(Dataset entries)
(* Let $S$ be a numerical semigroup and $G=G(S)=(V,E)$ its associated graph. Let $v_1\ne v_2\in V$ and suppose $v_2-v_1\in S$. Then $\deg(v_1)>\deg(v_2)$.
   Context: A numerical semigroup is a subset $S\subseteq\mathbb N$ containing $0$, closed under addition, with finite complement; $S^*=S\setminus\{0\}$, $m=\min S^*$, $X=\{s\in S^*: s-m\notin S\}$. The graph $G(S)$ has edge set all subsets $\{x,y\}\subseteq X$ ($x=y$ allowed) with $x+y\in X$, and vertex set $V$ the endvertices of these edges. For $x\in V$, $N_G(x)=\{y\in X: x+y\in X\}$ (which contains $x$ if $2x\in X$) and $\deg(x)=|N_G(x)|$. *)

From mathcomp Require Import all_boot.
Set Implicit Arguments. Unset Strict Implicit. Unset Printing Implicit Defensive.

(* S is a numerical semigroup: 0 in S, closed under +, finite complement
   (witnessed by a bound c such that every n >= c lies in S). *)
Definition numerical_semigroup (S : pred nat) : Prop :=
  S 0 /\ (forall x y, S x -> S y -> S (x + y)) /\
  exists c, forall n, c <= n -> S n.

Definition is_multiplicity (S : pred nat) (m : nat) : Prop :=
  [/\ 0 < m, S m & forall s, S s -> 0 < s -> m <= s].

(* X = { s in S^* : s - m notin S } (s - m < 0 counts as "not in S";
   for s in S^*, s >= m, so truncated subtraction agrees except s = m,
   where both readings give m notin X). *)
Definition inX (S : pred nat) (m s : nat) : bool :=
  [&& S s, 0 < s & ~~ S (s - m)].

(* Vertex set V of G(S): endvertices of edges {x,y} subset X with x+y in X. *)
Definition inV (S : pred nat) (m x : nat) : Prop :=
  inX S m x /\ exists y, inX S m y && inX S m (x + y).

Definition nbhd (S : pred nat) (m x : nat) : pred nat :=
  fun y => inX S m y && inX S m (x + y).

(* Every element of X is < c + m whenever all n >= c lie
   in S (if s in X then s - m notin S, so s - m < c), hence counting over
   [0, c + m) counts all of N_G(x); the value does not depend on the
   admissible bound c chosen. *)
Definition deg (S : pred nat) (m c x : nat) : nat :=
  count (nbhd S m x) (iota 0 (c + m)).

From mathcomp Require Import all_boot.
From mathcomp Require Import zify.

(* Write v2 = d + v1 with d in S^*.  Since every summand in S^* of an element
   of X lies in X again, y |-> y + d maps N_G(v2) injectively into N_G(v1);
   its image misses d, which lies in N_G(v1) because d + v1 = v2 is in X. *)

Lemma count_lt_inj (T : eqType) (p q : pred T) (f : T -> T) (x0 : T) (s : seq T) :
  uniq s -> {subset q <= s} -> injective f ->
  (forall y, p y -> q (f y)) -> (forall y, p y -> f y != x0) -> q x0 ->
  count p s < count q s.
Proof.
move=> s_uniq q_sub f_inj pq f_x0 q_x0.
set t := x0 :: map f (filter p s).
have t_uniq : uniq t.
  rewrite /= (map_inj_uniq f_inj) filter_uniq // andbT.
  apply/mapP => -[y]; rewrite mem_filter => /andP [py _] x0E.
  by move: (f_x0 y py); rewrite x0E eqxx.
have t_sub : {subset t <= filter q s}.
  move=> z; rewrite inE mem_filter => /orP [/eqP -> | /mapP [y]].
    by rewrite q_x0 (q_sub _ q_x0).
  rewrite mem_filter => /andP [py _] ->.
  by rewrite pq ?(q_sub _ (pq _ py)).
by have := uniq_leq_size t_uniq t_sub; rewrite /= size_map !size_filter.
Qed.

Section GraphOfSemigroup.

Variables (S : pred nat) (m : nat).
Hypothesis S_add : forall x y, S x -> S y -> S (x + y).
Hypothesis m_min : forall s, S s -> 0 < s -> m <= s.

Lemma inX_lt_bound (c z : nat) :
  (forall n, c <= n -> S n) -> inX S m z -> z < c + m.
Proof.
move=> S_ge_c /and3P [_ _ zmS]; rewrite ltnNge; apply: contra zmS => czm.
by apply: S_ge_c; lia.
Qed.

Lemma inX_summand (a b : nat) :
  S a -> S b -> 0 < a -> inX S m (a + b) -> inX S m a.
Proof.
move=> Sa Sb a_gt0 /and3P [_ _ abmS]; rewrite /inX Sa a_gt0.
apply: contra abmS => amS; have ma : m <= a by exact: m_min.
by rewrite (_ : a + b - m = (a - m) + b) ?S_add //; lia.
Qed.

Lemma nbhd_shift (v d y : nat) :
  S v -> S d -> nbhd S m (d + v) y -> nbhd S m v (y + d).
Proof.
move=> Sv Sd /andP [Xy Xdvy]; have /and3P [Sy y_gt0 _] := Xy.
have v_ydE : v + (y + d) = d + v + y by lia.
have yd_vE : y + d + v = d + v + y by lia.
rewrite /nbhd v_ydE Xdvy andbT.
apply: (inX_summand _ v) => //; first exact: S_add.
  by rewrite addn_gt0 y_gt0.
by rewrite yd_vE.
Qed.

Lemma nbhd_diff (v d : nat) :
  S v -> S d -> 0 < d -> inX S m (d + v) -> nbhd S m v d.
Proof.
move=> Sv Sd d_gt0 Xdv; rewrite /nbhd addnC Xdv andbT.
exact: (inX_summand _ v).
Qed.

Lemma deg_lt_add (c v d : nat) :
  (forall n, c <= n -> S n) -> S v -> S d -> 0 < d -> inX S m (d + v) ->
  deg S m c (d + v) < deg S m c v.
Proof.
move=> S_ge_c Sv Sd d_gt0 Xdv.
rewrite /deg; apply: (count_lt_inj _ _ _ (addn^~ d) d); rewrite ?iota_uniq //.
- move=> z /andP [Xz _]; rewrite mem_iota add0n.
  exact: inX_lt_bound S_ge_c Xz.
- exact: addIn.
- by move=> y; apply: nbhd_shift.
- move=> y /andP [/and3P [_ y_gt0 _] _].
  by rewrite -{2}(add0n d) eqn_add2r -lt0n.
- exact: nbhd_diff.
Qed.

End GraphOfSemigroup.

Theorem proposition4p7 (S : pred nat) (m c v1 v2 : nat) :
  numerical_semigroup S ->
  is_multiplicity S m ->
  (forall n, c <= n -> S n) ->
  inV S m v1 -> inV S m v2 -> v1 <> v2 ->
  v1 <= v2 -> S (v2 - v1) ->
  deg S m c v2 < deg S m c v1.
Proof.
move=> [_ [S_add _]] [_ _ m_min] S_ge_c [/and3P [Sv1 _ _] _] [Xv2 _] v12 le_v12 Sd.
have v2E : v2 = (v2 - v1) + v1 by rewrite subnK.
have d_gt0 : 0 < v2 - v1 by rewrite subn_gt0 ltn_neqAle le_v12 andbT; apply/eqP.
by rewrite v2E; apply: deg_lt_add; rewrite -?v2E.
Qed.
==
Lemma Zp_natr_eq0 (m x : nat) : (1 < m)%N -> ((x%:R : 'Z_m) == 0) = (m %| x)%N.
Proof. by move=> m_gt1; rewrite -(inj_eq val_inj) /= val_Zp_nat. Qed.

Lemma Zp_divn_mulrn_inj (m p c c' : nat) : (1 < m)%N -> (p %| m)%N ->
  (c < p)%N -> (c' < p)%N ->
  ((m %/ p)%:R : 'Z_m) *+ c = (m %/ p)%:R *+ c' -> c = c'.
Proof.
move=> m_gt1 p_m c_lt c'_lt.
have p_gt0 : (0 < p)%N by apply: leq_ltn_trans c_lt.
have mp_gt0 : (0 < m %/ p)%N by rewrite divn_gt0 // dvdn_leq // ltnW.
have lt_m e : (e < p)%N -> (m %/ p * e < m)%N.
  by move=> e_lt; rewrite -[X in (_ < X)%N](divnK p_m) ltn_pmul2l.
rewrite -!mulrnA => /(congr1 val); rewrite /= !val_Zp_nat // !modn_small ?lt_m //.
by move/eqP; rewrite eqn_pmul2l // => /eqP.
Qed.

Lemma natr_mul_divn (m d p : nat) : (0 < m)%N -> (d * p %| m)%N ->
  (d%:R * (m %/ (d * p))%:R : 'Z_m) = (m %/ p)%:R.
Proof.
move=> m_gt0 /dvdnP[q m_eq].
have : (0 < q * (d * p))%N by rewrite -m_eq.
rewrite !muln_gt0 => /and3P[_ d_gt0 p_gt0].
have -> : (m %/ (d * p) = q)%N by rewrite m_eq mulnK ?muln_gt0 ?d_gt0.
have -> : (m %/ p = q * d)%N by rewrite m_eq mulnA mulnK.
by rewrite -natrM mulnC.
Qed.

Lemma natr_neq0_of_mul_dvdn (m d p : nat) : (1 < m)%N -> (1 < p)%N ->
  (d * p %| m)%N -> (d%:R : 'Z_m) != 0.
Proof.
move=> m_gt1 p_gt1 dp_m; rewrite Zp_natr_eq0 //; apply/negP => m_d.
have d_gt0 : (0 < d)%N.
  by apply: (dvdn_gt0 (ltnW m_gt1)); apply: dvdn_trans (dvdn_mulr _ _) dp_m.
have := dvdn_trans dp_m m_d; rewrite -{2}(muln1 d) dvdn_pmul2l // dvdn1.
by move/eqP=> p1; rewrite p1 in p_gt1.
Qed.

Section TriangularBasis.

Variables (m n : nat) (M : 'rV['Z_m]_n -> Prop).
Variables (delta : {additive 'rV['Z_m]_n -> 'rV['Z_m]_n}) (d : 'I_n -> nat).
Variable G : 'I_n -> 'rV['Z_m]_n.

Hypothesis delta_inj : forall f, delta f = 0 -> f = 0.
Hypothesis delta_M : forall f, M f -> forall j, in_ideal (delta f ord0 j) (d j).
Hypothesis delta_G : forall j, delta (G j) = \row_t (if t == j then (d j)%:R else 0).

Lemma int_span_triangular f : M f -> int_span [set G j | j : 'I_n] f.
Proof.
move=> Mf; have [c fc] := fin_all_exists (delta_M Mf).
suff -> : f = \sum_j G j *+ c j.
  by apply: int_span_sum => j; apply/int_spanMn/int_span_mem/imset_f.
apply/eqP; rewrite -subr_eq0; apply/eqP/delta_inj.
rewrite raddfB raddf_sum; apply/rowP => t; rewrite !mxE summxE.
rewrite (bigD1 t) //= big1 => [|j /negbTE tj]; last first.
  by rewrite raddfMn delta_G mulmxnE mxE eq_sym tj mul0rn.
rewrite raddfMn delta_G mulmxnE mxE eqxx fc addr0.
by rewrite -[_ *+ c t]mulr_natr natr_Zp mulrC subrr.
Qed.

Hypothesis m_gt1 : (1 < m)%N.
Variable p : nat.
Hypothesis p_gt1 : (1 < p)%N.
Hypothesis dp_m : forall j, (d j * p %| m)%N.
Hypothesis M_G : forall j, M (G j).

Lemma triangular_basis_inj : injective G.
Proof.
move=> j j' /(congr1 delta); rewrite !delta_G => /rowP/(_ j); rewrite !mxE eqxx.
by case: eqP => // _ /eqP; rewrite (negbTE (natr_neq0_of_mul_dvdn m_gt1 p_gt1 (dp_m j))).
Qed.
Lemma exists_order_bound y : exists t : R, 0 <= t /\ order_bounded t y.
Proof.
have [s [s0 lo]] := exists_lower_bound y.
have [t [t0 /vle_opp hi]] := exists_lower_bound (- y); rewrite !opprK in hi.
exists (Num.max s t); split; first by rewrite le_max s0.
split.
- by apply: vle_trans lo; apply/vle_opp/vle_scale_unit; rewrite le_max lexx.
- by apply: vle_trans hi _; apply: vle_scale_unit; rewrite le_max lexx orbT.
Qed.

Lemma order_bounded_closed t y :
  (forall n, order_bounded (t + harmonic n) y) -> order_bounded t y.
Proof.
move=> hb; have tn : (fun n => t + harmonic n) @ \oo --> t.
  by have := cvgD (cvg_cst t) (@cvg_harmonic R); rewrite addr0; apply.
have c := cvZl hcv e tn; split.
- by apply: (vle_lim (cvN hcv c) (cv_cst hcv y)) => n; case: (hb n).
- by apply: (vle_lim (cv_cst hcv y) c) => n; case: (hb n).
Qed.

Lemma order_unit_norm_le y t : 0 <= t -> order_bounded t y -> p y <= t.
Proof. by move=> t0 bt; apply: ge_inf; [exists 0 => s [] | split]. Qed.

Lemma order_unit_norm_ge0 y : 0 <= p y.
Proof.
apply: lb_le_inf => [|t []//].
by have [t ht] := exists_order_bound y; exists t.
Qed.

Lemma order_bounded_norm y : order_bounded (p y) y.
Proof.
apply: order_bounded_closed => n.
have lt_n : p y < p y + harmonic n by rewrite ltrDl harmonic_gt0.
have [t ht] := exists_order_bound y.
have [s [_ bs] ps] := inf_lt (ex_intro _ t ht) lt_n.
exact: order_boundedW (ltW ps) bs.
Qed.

- _Assigned task_
Write out each line of the data that holds the string "with".

- _Solution_
   Context: A numerical semigroup is a subset $S\subseteq\mathbb N$ containing $0$, closed under addition, with finite complement; $S^*=S\setminus\{0\}$, $m=\min S^*$, $X=\{s\in S^*: s-m\notin S\}$. The graph $G(S)$ has edge set all subsets $\{x,y\}\subseteq X$ ($x=y$ allowed) with $x+y\in X$, and vertex set $V$ the endvertices of these edges. For $x\in V$, $N_G(x)=\{y\in X: x+y\in X\}$ (which contains $x$ if $2x\in X$) and $\deg(x)=|N_G(x)|$. *)
(* Vertex set V of G(S): endvertices of edges {x,y} subset X with x+y in X. *)
(* Write v2 = d + v1 with d in S^*.  Since every summand in S^* of an element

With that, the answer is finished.